For an additional 40€ she prepared us a private Basque dinner on our second night.
After a late lunch we strolled through town in the rain, did laundry, and concluded with a warmup at the fire.
During our stay Marie Josee brought out maps and shared valuable local knowledge of the town plus information about the route and terrain that we would soon experience.
For a town of barely one square mile there was quite a lot to see. We were grateful to have planned 2 days in St. Jean. We could have elected to spend the night in the local Albergue (hostel) for about 10€ each, however Peregrinos are limited to a single night and must vacate by 8 a.m. the next morning.
We visited the Camino Pilgrim Office where we learned that recent snows had temporary closed the Route Napoleon, but it would reopen the following day.
Historical points of interest included:
The 15th Century Porte St. Jacques (a UNESCO World Heritage site), through which over the centuries Pilgrims have arrived from northern France and Europe.

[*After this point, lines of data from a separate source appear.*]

(* Let $a,b,c,d\ge 0$ be integers with $a+b=c+d=n\ge 1$, and let $\underline x=(a,b)$ and $\underline y=(c,d)$. Then the meander permutation $\sigma_{\underline x,\underline y}$ sends each $i\in\{1,\ldots,n\}$ to the unique element of $\{1,\ldots,n\}$ congruent to $i+a-c$ modulo $n$.
   Context: For compositions $\underline x=(a_1,\ldots,a_m)$, $\underline y=(b_1,\ldots,b_t)$ of $n$ (sequences of nonnegative integers summing to $n$), define bijections $t,b$ of $\{1,\ldots,n\}$ as follows. For each part $a_k$ with $s=a_1+\cdots+a_{k-1}$, set $t(s+j)=s+a_k+1-j$ for $1\le j\le a_k$. Similarly, for each part $b_k$ of $\underline y$ with $s=b_1+\cdots+b_{k-1}$, set $b(s+j)=s+b_k+1-j$ for $1\le j\le b_k$. (These are the top and bottom bijections of the modified meander graph: each vertex is sent to the other endpoint of its top, resp. bottom, arc and fixed if it has none.) The meander permutation is $\sigma_{\underline x,\underline y}=t\circ b$. *)

From mathcomp Require Import all_boot all_order all_algebra.
Set Implicit Arguments. Unset Strict Implicit. Unset Printing Implicit Defensive.

(* Block-reversal bijection of {1,...,n} attached to a composition
   s = (a_1,...,a_m) (a sequence of nonnegative integers).  Points not covered by any
   part (only possible outside {1,..,sum s}) are fixed. *)
Fixpoint block_rev_aux (off : nat) (s : seq nat) (i : nat) : nat :=
  match s with
  | [::] => i
  | a :: s' =>
      if (off < i) && (i <= off + a) then off + a + 1 - (i - off)
      else block_rev_aux (off + a) s' i
  end.

Definition block_rev (s : seq nat) (i : nat) : nat := block_rev_aux 0 s i.

(* top bijection t from x, bottom bijection b from y, sigma = t o b *)
Definition meander_perm (x y : seq nat) (i : nat) : nat :=
  block_rev x (block_rev y i).

From mathcomp Require Import all_boot all_order all_algebra.
From mathcomp Require Import zify.

(* With two blocks, [block_rev [:: p; q]] is the reflection i |-> p + 1 - i of
   Z/(p+q) restricted to {1, ..., p+q}; the meander permutation is a product of
   two such reflections, hence the translation by a - c. *)

Section TwoBlockReversal.

Variables p q : nat.

Lemma block_rev2_first (i : nat) :
  1 <= i <= p -> block_rev [:: p; q] i = p + 1 - i.
Proof. by move=> /andP[i_gt0 i_le]; rewrite /block_rev /= i_gt0 i_le !add0n subn0. Qed.

Lemma block_rev2_second (i : nat) :
  p < i <= p + q -> block_rev [:: p; q] i = p + q + 1 - (i - p).
Proof.
move=> /andP[p_lt i_le]; rewrite /block_rev /= add0n.
have i_gt0 : 0 < i by apply: leq_ltn_trans p_lt.
by rewrite i_gt0 leqNgt p_lt /= i_le.
Qed.

Lemma block_rev2_in_range (i : nat) :
  1 <= i <= p + q -> 1 <= block_rev [:: p; q] i <= p + q.
Proof.
move=> /andP[i_gt0 i_le]; have [i_leq | p_lt] := leqP i p.
- by rewrite block_rev2_first ?i_gt0 //; lia.
- by rewrite block_rev2_second ?p_lt //; lia.
Qed.

Lemma block_rev2_mod (i : nat) :
  1 <= i <= p + q ->
  ((block_rev [:: p; q] i)%:Z = p%:Z + 1 - i%:Z %[mod (p + q)%:Z])%Z.
Proof.
move=> /andP[i_gt0 i_le]; have [i_leq | p_lt] := leqP i p.
- by rewrite block_rev2_first ?i_gt0 //; congr (_ %% _)%Z; lia.
- rewrite block_rev2_second ?p_lt //.
  have -> : ((p + q + 1 - (i - p))%N%:Z = (p%:Z + 1 - i%:Z + (p + q)%:Z)%R)%Z by lia.
  exact: modzDr.
Qed.

End TwoBlockReversal.

Theorem lemma4p8 (a b c d n : nat) :
  a + b = n -> c + d = n -> 1 <= n ->
  forall i : nat, 1 <= i <= n ->
    (1 <= meander_perm [:: a; b] [:: c; d] i <= n) /\
    (((meander_perm [:: a; b] [:: c; d] i)%:Z
       = i%:Z + a%:Z - c%:Z %[mod n%:Z])%Z).
Proof.
move=> <- cd_eq _ i i_range; rewrite /meander_perm.
have i_range' : 1 <= i <= c + d by rewrite cd_eq.
set j := block_rev [:: c; d] i.
have j_range : 1 <= j <= a + b by rewrite -cd_eq; exact: block_rev2_in_range.
have j_mod : (j%:Z = c%:Z + 1 - i%:Z %[mod (a + b)%N])%Z.
  by rewrite -cd_eq; exact: block_rev2_mod.
split; first exact: block_rev2_in_range.
rewrite block_rev2_mod // -modzDmr -modzNm j_mod modzNm modzDmr.
by congr (_ %% _)%Z; lia.
Qed.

A walk along the battlements that encircle the city.
The “Citadel”. Now a private school, this military fortification is reached by climbing 269 steps and provides a commanding view of St. Jean.
The 16th Century Prison des Eveques (aka the Prison of the Bishops), now an excellent museum.
The 14th Century church, Notre Dame du Bout du Pont.
A pleasant walk along the River Nive and across a Roman Empire era bridge.
We reconnoitered the start of the “Route de Napoleon” by which we would begin our Camino with a strenuous 19km, 4,000 foot ascent to the mountain pass above the town.
…and of course we wandered the cobblestoned streets, visiting various shops and restaurants.
It was here that I purchased a Basque beret which was to become my identifying trademark on the Camino.